▶ [HOW TO COMPLETE THIS TASK] For the data below, report how many lines include the word "elim", and write nothing else.

▶ [TASK INPUTS]
Fixpoint satchain (a : {set T}) (s : seq {set T}) (A : {set T}) : Prop :=
  match s with
  | [::] => qcov a A
  | b :: s' => qcov a b /\ satchain b s' A
  end.

(* the polytope O_{C_pi, phi}(\hat P / pi); coordinates off pi are irrelevant *)
Definition quot_poly (R : realFieldType) (Cpi phi : {set {set T}}) (bot top : {set T})
  (y : {set T} -> R) : Prop :=
  [/\ y bot = 0, y top = 1,
      (forall B, B \in Cpi -> 0 <= y B),
      (forall B B', B \in phi -> B' \in phi -> qcov B B' -> y B <= y B') &
      (forall (s : seq {set T}) (A : {set T}), all (fun B => B \in Cpi) s ->
          A \in phi -> satchain bot s A -> \sum_(B <- s) y B <= y A)].
End Quotient.

(* Take a point z in the relative interior of F: it satisfies with equality exactly the
   inequalities that are tight on F.  Along a chain of O, z increases strictly between
   distinct blocks of phi (equality would make the order inequality tight, i.e. an edge
   of phi), so ordering the singletons of C by level and the blocks of phi by the value of
   z gives a strict order containing the quotient order: pi is compatible.  By hypothesis
   the only inequalities tight on F are x_hat0 >= 0 and order inequalities inside blocks,
   so F consists of the points of the polytope that are constant on the blocks, and on
   such points the inequalities of O_{C,O}(tau) become those of the quotient polytope: a
   chain y^1 < ... < y^k < q turns into a saturated chain of singletons covered by a block
   below the block of q.  Finally z may be perturbed inside F along the indicator of each
   block other than {hat0} and the top block, and these |pi| - 2 directions span F - z. *)

From HB Require Import structures.
From mathcomp Require Import all_boot all_order all_algebra.
From mathcomp Require Import boolp.
From mathcomp Require Import ring lra zify.
From Stdlib Require Import Relations.
Set Implicit Arguments. Unset Strict Implicit. Unset Printing Implicit Defensive.
Import Order.TTheory GRing.Theory Num.Theory.

Section PolytopeFaces.
Local Open Scope ring_scope.
Variables (R : realFieldType) (T I : finType) (t0 t1 : T).
Variables (admissible : pred I) (form : I -> (T -> R) -> R).
Hypothesis formD : forall i a b x y,
  form i (fun t => a * x t + b * y t) = a * form i x + b * form i y.

Definition in_poly (x : T -> R) : Prop :=
  [/\ x t0 = 0, x t1 = 1 & forall i, admissible i -> 0 <= form i x].

Variable F : (T -> R) -> Prop.
Hypothesis F_face : is_face in_poly F.
Hypothesis F_neq0 : exists x, F x.

Definition tight i := forall x, F x -> form i x = 0.

Definition in_relint z := F z /\ forall i, admissible i -> ~ tight i -> 0 < form i z.

Lemma formDr i e x v : form i (fun t => x t + e * v t) = form i x + e * form i v.
Proof.
rewrite -[in RHS](mul1r (form i x)) -formD.
by congr (form i); apply: funext => t; rewrite mul1r.
Qed.

Lemma weighted_sumD (c : T -> R) a b x y :
  \sum_p c p * (a * x p + b * y p) = a * \sum_p c p * x p + b * \sum_p c p * y p.
Proof.
rewrite !mulr_sumr -big_split /=; apply: eq_bigr => p _.
by rewrite mulrDr !mulrA ![c p * _]mulrC.
Qed.

Lemma face_convex a b x y : 0 <= a -> 0 <= b -> a + b = 1 -> F x -> F y ->
  F (fun t => a * x t + b * y t).
Proof.
have [c [d [_ FE]]] := F_face.
move=> a0 b0 ab /FE[[x0 x1 xP] xd] /FE[[y0 y1 yP] yd]; apply/FE; split; last first.
  by rewrite weighted_sumD xd yd -mulrDl ab mul1r.
split; [by rewrite x0 y0 !mulr0 addr0 | by rewrite x1 y1 !mulr1 |].
by move=> i /[dup] /xP ? /yP ?; rewrite formD addr_ge0 ?mulr_ge0.
Qed.

(* Averaging witnesses of non-tightness, one inequality at a time. *)
Lemma face_relint : exists z, in_relint z.
Proof.
suff [z [Fz zP]] : exists z, F z /\
    forall i, i \in enum I -> admissible i -> ~ tight i -> 0 < form i z.
  by exists z; split => // i; apply: zP; rewrite mem_enum.
elim: (enum I) => [|i s [z [Fz zP]]]; first by have [x Fx] := F_neq0; exists x.
have [[iA i_loose]|] := EM (admissible i /\ ~ tight i); last first.
  move=> iN; exists z; split => // j; rewrite inE => /predU1P[->|] //; last exact: zP.
  by move=> iA i_loose; case: iN.
have [x [Fx xi]] : exists x, F x /\ form i x != 0.
  apply/not_existsP => xN; apply: i_loose => x Fx; apply/eqP.
  exact: contra_notT (conj Fx) (xN x).
have [c [d [_ FE]]] := F_face.
have /FE[[_ _ zP'] _] := Fz; have /FE[[_ _ xP'] _] := Fx.
have h0 : (0 : R) <= 2^-1 by rewrite invr_ge0.
have h1 : (0 : R) < 2^-1 by rewrite invr_gt0.
exists (fun t => 2^-1 * z t + 2^-1 * x t); split; first by apply: face_convex => //; lra.
move=> j; rewrite inE formD => /predU1P[->|js] jA j_loose.
  by rewrite ltr_wpDl ?mulr_ge0 ?zP' // mulr_gt0 // lt_def xi xP'.
by rewrite ltr_wpDr ?mulr_ge0 ?xP' // mulr_gt0 ?zP.
Qed.

Lemma poly_perturb z v : in_relint z -> v t0 = 0 -> v t1 = 0 ->
  (forall i, admissible i -> tight i -> form i v = 0) ->
  exists2 e, 0 < e & in_poly (fun t => z t + e * v t).
Proof.
move=> [Fz zP] v0 v1 vT; have [c [d [_ FE]]] := F_face.
have /FE[[z0 z1 zP'] _] := Fz.
suff [e e0 eP] : exists2 e, 0 < e &
    forall i, i \in enum I -> admissible i -> 0 <= form i (fun t => z t + e * v t).
  exists e => //; split; [by rewrite z0 v0 mulr0 addr0 | by rewrite z1 v1 mulr0 addr0 |].
  by move=> i; apply: eP; rewrite mem_enum.
elim: (enum I) => [|i s [e e0 eP]]; first by exists 1.
have [[iA i_loose]|iN] := EM (admissible i /\ ~ tight i); last first.
  exists e => // j; rewrite inE => /predU1P[-> jA|]; last exact: eP.
  have i_tight : tight i by apply: contra_notP iN.
  by rewrite formDr (i_tight z Fz) vT // mulr0 addr0.
(* shrink [e] so that [form i z + e * form i v] stays positive *)
set a := form i z; set f := form i v; have a0 : 0 < a by apply: zP.
have f1 : 0 < `|f| + 1 by rewrite ltr_wpDl.
set e' := Num.min e (a / (`|f| + 1)).
have e'0 : 0 < e' by rewrite lt_min e0 divr_gt0.
have e'e : e' <= e by rewrite ge_min lexx.
have e'a : e' * (`|f| + 1) <= a by rewrite -ler_pdivlMr // ge_min lexx orbT.
exists e' => // j; rewrite inE formDr => /predU1P[-> _|js jA].
  have : - `|f| <= f by rewrite lerNnormlW.
  by rewrite -/a -/f; nra.
have := eP j js jA; rewrite formDr; have := zP' j jA.
by case: (lerP 0 (form j v)) => hv hz he; nra.
Qed.

Lemma face_of_tight x : in_poly x ->
  (forall i, admissible i -> tight i -> form i x = 0) -> F x.
Proof.
(* For small [e > 0], [z + e (z - x)] stays in the polytope, which pushes [x] onto the
   supporting hyperplane. *)
move=> xP xT; have [z [Fz zP]] := face_relint.
have [c [d [c_valid FE]]] := F_face; have /FE[[z0 z1 _] zd] := Fz.
case: (xP) => x0 x1 _.
pose v t := z t + (-1) * x t.
have vT i : admissible i -> tight i -> form i v = 0.
  by move=> iA i_tight; rewrite /v formDr (i_tight z Fz) xT ?mulr0 ?addr0.
have v0 : v t0 = 0 by rewrite /v z0 x0 mulr0 addr0.
have v1 : v t1 = 0 by rewrite /v z1 x1 mulN1r subrr.
have [e e0 eP] := poly_perturb (conj Fz zP) v0 v1 vT.
have ev : \sum_p c p * (z p + e * v p) = (1 + e) * d - e * \sum_p c p * x p.
  rewrite -zd !mulr_sumr -sumrB; apply: eq_bigr => p _; rewrite /v; ring.
have := c_valid _ eP; have := c_valid _ xP; rewrite ev => xd dx.
apply/FE; split => //; apply/eqP; rewrite eq_le xd /=.
by rewrite -(ler_pM2l e0); lra.
Qed.

Lemma face_perturb z v : in_relint z -> v t0 = 0 -> v t1 = 0 ->
  (forall i, admissible i -> tight i -> form i v = 0) ->
  exists2 e, 0 < e & F (fun t => z t + e * v t).
Proof.
move=> zR v0 v1 vT; have [e e0 eP] := poly_perturb zR v0 v1 vT.
exists e => //; apply: face_of_tight eP _ => i iA iT.
by rewrite formDr (iT z zR.1) vT // mulr0 addr0.
Qed.
End PolytopeFaces.

Section FiniteCovers.
Variables (X : finType) (lt : X -> X -> Prop).
Hypothesis lt_trans : forall a b c, lt a b -> lt b c -> lt a c.
Hypothesis lt_irrefl : forall a, ~ lt a a.

Definition covers a b := lt a b /\ ~ (exists c, lt a c /\ lt c b).

Lemma interval_proper a b c : lt a c -> lt c b ->
  [set d | `[< lt a d /\ lt d c >]] \proper [set d | `[< lt a d /\ lt d b >]].
Proof.
move=> ac cb; apply/properP; split.
  apply/subsetP => d; rewrite !inE => /asboolP[ad dc].
  by apply/asboolP; split => //; apply: lt_trans cb.
by exists c; rewrite !inE; [apply/asboolP | apply/asboolPn => -[_ /lt_irrefl]].
Qed.

Lemma cover_below a b : lt a b -> exists c, covers a c /\ (c = b \/ lt c b).
Proof.
move: {2}#|_| (leqnn #|[set d | `[< lt a d /\ lt d b >]]|) => n.
elim: n b => [|n IH] b size_ab ab.
  exists b; split; last by left.
  split => // -[c acb]; move: size_ab; rewrite leqn0 cards_eq0 => /eqP/setP/(_ c).
  by rewrite !inE => /asboolP.
have [[c [ac cb]]|no_mid] := EM (exists c, lt a c /\ lt c b); last first.
  by exists b; split => //; left.
have [|d [ad dc]] := IH c _ ac.
  by rewrite -ltnS; apply: leq_trans size_ab; apply: proper_card; apply: interval_proper.
by exists d; split => //; right; case: dc => [->|/lt_trans]; last apply.
Qed.

Lemma cover_ind (S : X -> Prop) (P : X -> X -> Prop) :
  (forall a b, S a -> lt a b -> S b) ->
  (forall a b c, P a b -> P b c -> P a c) ->
  (forall a b, S a -> covers a b -> P a b) ->
  forall a b, S a -> lt a b -> P a b.
Proof.
move=> S_up P_trans P_cov a.
move: {2}#|_| (leqnn #|[set d | `[< lt a d >]]|) => n.
elim: n a => [|n IH] a size_a b Sa ab.
  by move: size_a; rewrite leqn0 cards_eq0 => /eqP/setP/(_ b); rewrite !inE => /asboolP.
have [c [ac [<-|cb]]] := cover_below ab; first exact: P_cov.
apply: P_trans (P_cov _ _ Sa ac) (IH c _ b (S_up _ _ Sa ac.1) cb).
rewrite -ltnS; apply: leq_trans size_a; apply: proper_card; apply/properP; split.
  by apply/subsetP => d; rewrite !inE => /asboolP cd; apply/asboolP; apply: lt_trans ac.1 cd.
by exists c; rewrite !inE; [apply/asboolP; case: ac | apply/asboolPn => /lt_irrefl].
Qed.
End FiniteCovers.

Lemma sum_ord_ltn (b m : nat) : \sum_(j < b) (j < m : nat) = minn m b.
Proof.
elim: b => [|b IH]; first by rewrite big_ord0 minn0.
by rewrite big_ord_recr /= IH; case: (ltnP b m) => h /=; lia.
Qed.

Section Levels.
Variable tau : seq nat.
Hypothesis tau_gt0 : all (fun t => 0 < t) tau.
Local Notation PT := (Pt tau).

Lemma lvl_le_max (p : PT) : lvl p <= (size tau).+1.
Proof. by rewrite /lvl -ltnS; case: (sval p).1. Qed.

Lemma lvl_hat0 : lvl (hat0 tau) = 0. Proof. by []. Qed.

Lemma lvl_hat1 : lvl (hat1 tau) = (size tau).+1. Proof. by []. Qed.
Lemma frechet_sub_slice x v :
  @frechet_sub (vecE n) F x v ->
  @frechet_sub (tripE n m) Fb (x, x, w) (v, vzero n, vzero m).
Proof.
move=> [hx [Fx Hfr]]; exists hx; split; first by rewrite Fbar_slice.
move=> eps eps_gt0; have [del [del_gt0 Hdel]] := Hfr eps eps_gt0.
exists (Rmin del 1); split; first by apply: Rmin_pos; lra.
move=> [[z y] u] near.
have Nz := tripE_norm_ge_fst (z, y, u) (x, x, w).
have Nu := tripE_norm_ge_snd (z, y, u) (x, x, w).
have := Rmin_l del 1; have := Rmin_r del 1; simpl in Nz, Nu, near => min_le1 min_le_del.
rewrite /Fbar /add_ind /=; case: excluded_middle_informative => //= Gbar_le.
have z_feas : feasible g z.
  apply: (@feasible_near_slice z y u) => // i.
  apply: Rle_lt_trans (vnorm_coord_le (vsub u w) i) _; lra.
have z_near : vnorm (vsub z x) < del by lra.
have : r_le_e (hx + vdot v (vsub z x) - eps * vnorm (vsub z x)) (F z) := Hdel z z_near.
rewrite /Fobj add_ind_true //= !vdot0l.
have := Rmult_le_compat_l _ _ _ (Rlt_le _ _ eps_gt0) Nz; lra.
Qed.

Lemma limiting_sub_slice x v :
  @limiting_sub (vecE n) F x v ->
  @limiting_sub (tripE n m) Fb (x, x, w) (v, vzero n, vzero m).
Proof.
move=> [xs [vs [hs [hx [Fx [xs_cv [Fxs [hs_cv [xs_fr vs_cv]]]]]]]]].
exists (fun k => (xs k, xs k, w)), (fun k => (vs k, vzero n, vzero m)), hs, hx.
split; first by rewrite Fbar_slice.
split.
  apply: (@Un_cv0_dominated _ _ 2) xs_cv; first lra.
  by move=> k; split; [exact: sqrt_pos | exact: tripE_norm_diag].
split; first by move=> k; rewrite Fbar_slice.
split=> //; split; first by move=> k; apply: frechet_sub_slice.
move=> eps /vs_cv [N HN]; exists N => k /HN.
by rewrite tripE_norm_sub_fst.
Qed.

Lemma KL_exp_slice alpha : (exists x, feasible g x) ->
  KL_exp (tripE n m) Fb alpha -> KL_exp (vecE n) F alpha.
Proof.
move=> [x0 x0_feas] [_ [Fb_lsc Fb_KL]].
split; first by exists x0, (f x0 + P1 x0 - P2 x0); exact: add_ind_true.
split.
  move=> x t; rewrite -(Fbar_slice f P1 P2 g gg x w) => /Fb_lsc [del [del_gt0 Hdel]].
  exists (del / 2); split=> [|z near]; first lra.
  rewrite -(Fbar_slice f P1 P2 g gg z w); apply: Hdel.
  apply: Rle_lt_trans (tripE_norm_diag z x w) _.
  by change (vnorm (vsub z x) < del / 2) in near; lra.
move=> xh [v /limiting_sub_slice v_sub].
have [hxh [Fxh [a [a_pos [del [a0 [del_gt0 [a0_gt0 KL]]]]]]]] :=
  Fb_KL _ (ex_intro _ _ v_sub).
exists hxh; split; first by rewrite -(Fbar_slice f P1 P2 g gg xh w).
exists a; split=> //; exists (del / 2), a0; split; first lra; split=> //.
move=> x hx near Fx hx_gt hx_lt v' /limiting_sub_slice v'_sub.
have near' : @cnorm (tripE n m) (@csub (tripE n m) (x, x, w) (xh, xh, w)) < del.
  apply: Rle_lt_trans (tripE_norm_diag x xh w) _.
  by change (vnorm (vsub x xh) < del / 2) in near; lra.
have := KL _ hx near' _ hx_gt hx_lt _ v'_sub.
by rewrite Fbar_slice tripE_norm_fst; apply.
Qed.

End SliceLift.

Theorem mainTheorem12 (n m : nat)
  (f : vec n -> R) (gf : vec n -> vec n) (P1 P2 : vec n -> R)
  (g : 'I_m -> vec n -> R) (gg : 'I_m -> vec n -> vec n) (alpha : R)
  (* standing assumptions of (P) *)
  (Hf : has_grad f gf) (Hgfc : vcont gf)
  (HP1 : convex P1) (HP1c : rcont P1) (HP2 : convex P2) (HP2c : rcont P2)
  (Hgc : forall i, rcont (g i))
  (Hfeas : exists x, feasible g x)
  (* Assumption A *)
  (HA1 : exists Lf, lipschitz gf Lf)
  (HA2 : forall i, has_grad (g i) (gg i) /\ exists Lg, lipschitz (gg i) Lg)
  (HA3 : level_bounded (Fobj f P1 P2 g))
  (* Assumption B *)
  (HB1 : forall i, vcont (gg i)) (HB2 : MFCQ g gg)
  (* Assumption C *)
  (HC : forall i, exists H, has_jac (gg i) H /\ forall j k, rcont (fun x => H x j k))
  (* Assumption E *)
  (HE1 : forall x, P2 x = 0) (HE2 : convex f) (HE3 : forall i, convex (g i))
  (Halpha : 0 <= alpha < 1)
  (HKL : KL_exp (tripE n m) (Fbar f P1 P2 g gg) alpha) :
  KL_exp (vecE n) (Fobj f P1 P2 g) alpha.
Proof.
have [L gg_lip] : exists L : 'I_m -> R, forall i, lipschitz (gg i) (L i).
  exists (fun i => proj1_sig (constructive_indefinite_description _ (proj2 (HA2 i)))).
  by move=> i; exact: proj2_sig.
apply: (KL_exp_slice (fun i => 2 * Rabs (L i) + 1) _ Hfeas HKL).
move=> x y u u_near; apply: (Gbar_nonpos_feasible _ (fun i => proj1 (HA2 i)) gg_lip).
by move=> i; have [_ ] := Rabs_def2 _ _ (u_near i); lra.
Qed.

▶ [REPLY] 5